## Task goal
Please take the records that follow and repeat exactly the lines starting with the line with "(forall i, (i <= j)%N -> V (f i)) ->" and going on through the line with "- by move=>".

## Records shown
(* Let $W$ be a finite Weyl group and $\tilde W=W\ltimes Z$ its affine Weyl group, with elements written $(a,\mathbf u)$, $a\in W$, $\mathbf u\in Z$. Let $X$ be a conjugacy class of involutions of $\tilde W$, and for $x=(a,\mathbf u)\in X$ write $\hat x=a$; let $\hat X$ be the conjugacy class of $\hat x$ in $W$ (this does not depend on the choice of $x\in X$). Suppose $x,y\in X$. If $d(\hat x,\hat y)=k$ in $\mathcal{C}(W,\hat X)$, then $d(x,y)\ge k$ in $\mathcal{C}(\tilde W,X)$. If $\mathcal{C}(W,\hat X)$ is disconnected, then $\mathcal{C}(\tilde W,X)$ is disconnected.
   Context: $W$ is a finite Weyl group with root system $\Phi$ in a Euclidean space $V\cong\mathbb{R}^n$, $\alpha^\vee=2\alpha/\langle\alpha,\alpha\rangle$, and $Z$ is the coroot lattice $L(\Phi^\vee)$ viewed as a group of translations. The affine Weyl group $\tilde W$ is the semidirect product of $W$ and $Z$, with elements $(a,\mathbf u)$ and multiplication $(a,\mathbf u)(b,\mathbf v)=(ab,\mathbf u^b+\mathbf v)$, where $\mathbf u\mapsto\mathbf u^b$ denotes the (right) linear action of $W$ on $V$. For a group $G$ and a set $X$ of involutions, $\mathcal{C}(G,X)$ is the graph on $X$ with $x,y$ adjacent iff they commute, and $d(x,y)$ denotes graph distance. *)

From HB Require Import structures.
From mathcomp Require Import all_boot all_order all_algebra.
From mathcomp Require Import reals.
Set Implicit Arguments.
Unset Strict Implicit.
Unset Printing Implicit Defensive.
Import Order.TTheory GRing.Theory Num.Theory.
Local Open Scope ring_scope.

Section Graph.
Variable T : Type.
Variable V : T -> Prop.
Variable adj : T -> T -> Prop.

Definition walk (x y : T) (k : nat) : Prop :=
  exists f : nat -> T, [/\ f 0%N = x, f k = y,
    (forall i, (i <= k)%N -> V (f i)) &
    (forall i, (i < k)%N -> adj (f i) (f i.+1))].

Definition dist_eq (x y : T) (k : nat) : Prop :=
  walk x y k /\ forall j, (j < k)%N -> ~ walk x y j.

(* d(x,y) >= k  (d may be infinite) *)
Definition dist_ge (x y : T) (k : nat) : Prop :=
  forall j, (j < k)%N -> ~ walk x y j.

Definition disconnected : Prop :=
  exists x y, [/\ V x, V y & forall k, ~ walk x y k].
End Graph.

Section Weyl.
Variable R : realType.
Variable n : nat.

Definition dotv (u v : 'rV[R]_n) : R := (u *m v^T) 0 0.

Definition coroot (a : 'rV[R]_n) : 'rV[R]_n := (2 / dotv a a) *: a.

(* reflection s_alpha : v |-> v - <v, alpha^vee> alpha, acting on the right
   on row vectors: v *m refl a *)
Definition refl (a : 'rV[R]_n) : 'M[R]_n := 1%:M - (coroot a)^T *m a.

(* (reduced, crystallographic) root system spanning V *)
Definition is_root_system (Phi : seq 'rV[R]_n) : Prop :=
  [/\ \rank (\matrix_(i < size Phi) nth 0 Phi i) = n,
      0 \notin Phi,
      forall a (c : R), a \in Phi -> c *: a \in Phi -> c = 1 \/ c = -1,
      forall a b, a \in Phi -> b \in Phi -> b *m refl a \in Phi &
      forall a b, a \in Phi -> b \in Phi -> dotv b (coroot a) \is a Num.int].

Definition in_W (Phi : seq 'rV[R]_n) (M : 'M[R]_n) : Prop :=
  exists s : seq 'rV[R]_n,
    all (fun a => a \in Phi) s /\ M = foldr (fun a N => refl a *m N) 1%:M s.

Definition in_Z (Phi : seq 'rV[R]_n) (u : 'rV[R]_n) : Prop :=
  exists cs : seq (int * 'rV[R]_n),
    all (fun p => p.2 \in Phi) cs /\
    u = \sum_(p <- cs) (p.1)%:~R *: coroot p.2.

Definition aff := ('M[R]_n * 'rV[R]_n)%type.
Definition in_Wt (Phi : seq 'rV[R]_n) (x : aff) : Prop :=
  in_W Phi x.1 /\ in_Z Phi x.2.
Definition aff_mul (x y : aff) : aff := (x.1 *m y.1, x.2 *m y.1 + y.2).
Definition aff_one : aff := (1%:M, 0).
Definition aff_inv (x : aff) : aff := (invmx x.1, - (x.2 *m invmx x.1)).

Definition W_involution (Phi : seq 'rV[R]_n) (a : 'M[R]_n) : Prop :=
  [/\ in_W Phi a, a *m a = 1%:M & a <> 1%:M].
Definition Wt_involution (Phi : seq 'rV[R]_n) (x : aff) : Prop :=
  [/\ in_Wt Phi x, aff_mul x x = aff_one & x <> aff_one].

Definition W_class (Phi : seq 'rV[R]_n) (a0 b : 'M[R]_n) : Prop :=
  exists g, in_W Phi g /\ b = g *m a0 *m invmx g.
Definition Wt_class (Phi : seq 'rV[R]_n) (x0 y : aff) : Prop :=
  exists g, in_Wt Phi g /\ y = aff_mul (aff_mul g x0) (aff_inv g).

Definition W_comm (a b : 'M[R]_n) : Prop := a *m b = b *m a /\ a <> b.
Definition Wt_comm (x y : aff) : Prop := aff_mul x y = aff_mul y x /\ x <> y.
End Weyl.

(* The projection (a, u) |-> a maps the class X into the class of its image
   in W, and maps commuting pairs to pairs that commute or coincide.  Hence a
   walk in C(W~, X) projects to a walk in C(W, X^) that is no longer, once
   consecutive repetitions are dropped; and every element of X^ lifts to X by
   conjugating with a translation-free element (g, 0). *)
From HB Require Import structures.
From mathcomp Require Import all_boot all_order all_algebra.
From mathcomp Require Import reals.
Set Implicit Arguments.
Unset Strict Implicit.
Unset Printing Implicit Defensive.
Import GRing.Theory Num.Theory.
Local Open Scope ring_scope.

Section WalkCollapse.
Variables (T : Type) (V : T -> Prop) (adj : T -> T -> Prop).

Lemma walk_of_lazy_walk (f : nat -> T) (j : nat) :
  (forall i, (i <= j)%N -> V (f i)) ->
  (forall i, (i < j)%N -> f i = f i.+1 \/ adj (f i) (f i.+1)) ->
  exists2 j', (j' <= j)%N & walk V adj (f 0%N) (f j) j'.
Proof.
elim: j => [|j IH] fV fstep.
  by exists 0%N => //; exists f; split => // -[].
have [j' le_j'j [g [g0 gj gV gadj]]] :
    exists2 j', (j' <= j)%N & walk V adj (f 0%N) (f j) j'.
  by apply: IH => i lt_ij; [apply/fV/leqW | apply/fstep/ltnW].
case: (fstep j (ltnSn j)) => [fj_eq | fj_adj].
  by exists j'; [exact: leqW | rewrite -fj_eq; exists g].
exists j'.+1 => //.
exists (fun i => if (i <= j')%N then g i else f j.+1); split.
- by rewrite leq0n g0.
- by rewrite ltnn.
- by move=> i _; case: ifP => [/gV | _]; last exact: fV.
- move=> i lt_ij'; rewrite -ltnS lt_ij'; case: ifP => [le_ij' | /negbT].
    exact: gadj.
  rewrite -ltnNge ltnS => le_j'i.
  have -> : i = j' by apply/eqP; rewrite eqn_leq -ltnS lt_ij' le_j'i.
  by rewrite gj.
Qed.

End WalkCollapse.

Section WeakHomomorphism.
Variables (T U : Type) (VT : T -> Prop) (adjT : T -> T -> Prop).
Variables (VU : U -> Prop) (adjU : U -> U -> Prop) (p : T -> U).
Hypothesis p_vertex : forall x, VT x -> VU (p x).
Hypothesis p_adj : forall x y, adjT x y -> p x = p y \/ adjU (p x) (p y).

Lemma walk_map x y j : walk VT adjT x y j ->
  exists2 j', (j' <= j)%N & walk VU adjU (p x) (p y) j'.
Proof.
case=> f [<- <- fV fadj].
apply: (@walk_of_lazy_walk _ _ _ (p \o f)) => i i_bound.
  exact/p_vertex/fV.
exact/p_adj/fadj.
Qed.

Lemma dist_ge_map x y k : dist_ge VU adjU (p x) (p y) k -> dist_ge VT adjT x y k.
Proof.
move=> far j lt_jk /walk_map[j' le_j'j walk_j'].
exact: far (leq_ltn_trans le_j'j lt_jk) walk_j'.
Qed.

Lemma disconnected_map :
  (forall u, VU u -> exists2 x, VT x & p x = u) ->
  disconnected VU adjU -> disconnected VT adjT.
Proof.
move=> p_onto [u [v [/p_onto[x VTx <-] /p_onto[y VTy <-] no_walk]]].
exists x, y; split=> // k /walk_map[j _]; exact: no_walk.
Qed.

End WeakHomomorphism.

Section AffineProjection.
Variables (R : realType) (n : nat) (Phi : seq 'rV[R]_n) (x0 : aff R n).

Lemma Wt_class_fst z : Wt_class Phi x0 z -> W_class Phi x0.1 z.1.
Proof. by case=> g [[Wg _] ->]; exists g.1. Qed.

Lemma Wt_comm_fst (x y : aff R n) :
  Wt_comm x y -> x.1 = y.1 \/ W_comm x.1 y.1.
Proof.
case=> /(congr1 fst) comm_xy _.
by case: (eqVneq x.1 y.1) => [|/eqP ne_xy]; [left | right].
Qed.

Lemma in_Z0 : in_Z Phi 0.
Proof. by exists [::]; rewrite big_nil. Qed.

Lemma W_class_lift a :
  W_class Phi x0.1 a -> exists2 x, Wt_class Phi x0 x & x.1 = a.
Proof.
case=> g [Wg ->].
exists (aff_mul (aff_mul (g, 0) x0) (aff_inv (g, 0))) => //.
by exists (g, 0); split; first exact: (conj Wg in_Z0).
Qed.

End AffineProjection.

Theorem lemma2p1 (R : realType) (n : nat) (Phi : seq 'rV[R]_n)
  (x0 : 'M[R]_n * 'rV[R]_n) :
  is_root_system Phi -> Wt_involution Phi x0 ->
  (forall (x y : 'M[R]_n * 'rV[R]_n) (k : nat),
     Wt_class Phi x0 x -> Wt_class Phi x0 y ->
     dist_eq (W_class Phi x0.1) (@W_comm R n) x.1 y.1 k ->
     dist_ge (Wt_class Phi x0) (@Wt_comm R n) x y k) /\
  (disconnected (W_class Phi x0.1) (@W_comm R n) ->
   disconnected (Wt_class Phi x0) (@Wt_comm R n)).
Proof.
move=> _ _.
have p_vertex := @Wt_class_fst R n Phi x0.
have p_adj := @Wt_comm_fst R n.
split.
  move=> x y k _ _ [_].
  exact: (dist_ge_map p_vertex p_adj).
exact/(disconnected_map p_vertex p_adj)/W_class_lift.
Qed.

## Answer to the exercise
  (forall i, (i <= j)%N -> V (f i)) ->
  (forall i, (i < j)%N -> f i = f i.+1 \/ adj (f i) (f i.+1)) ->
  exists2 j', (j' <= j)%N & walk V adj (f 0%N) (f j) j'.
Proof.
elim: j => [|j IH] fV fstep.
  by exists 0%N => //; exists f; split => // -[].
have [j' le_j'j [g [g0 gj gV gadj]]] :
    exists2 j', (j' <= j)%N & walk V adj (f 0%N) (f j) j'.
  by apply: IH => i lt_ij; [apply/fV/leqW | apply/fstep/ltnW].
case: (fstep j (ltnSn j)) => [fj_eq | fj_adj].
  by exists j'; [exact: leqW | rewrite -fj_eq; exists g].
exists j'.+1 => //.
exists (fun i => if (i <= j')%N then g i else f j.+1); split.
- by rewrite leq0n g0.
- by rewrite ltnn.
- by move=> i _; case: ifP => [/gV | _]; last exact: fV.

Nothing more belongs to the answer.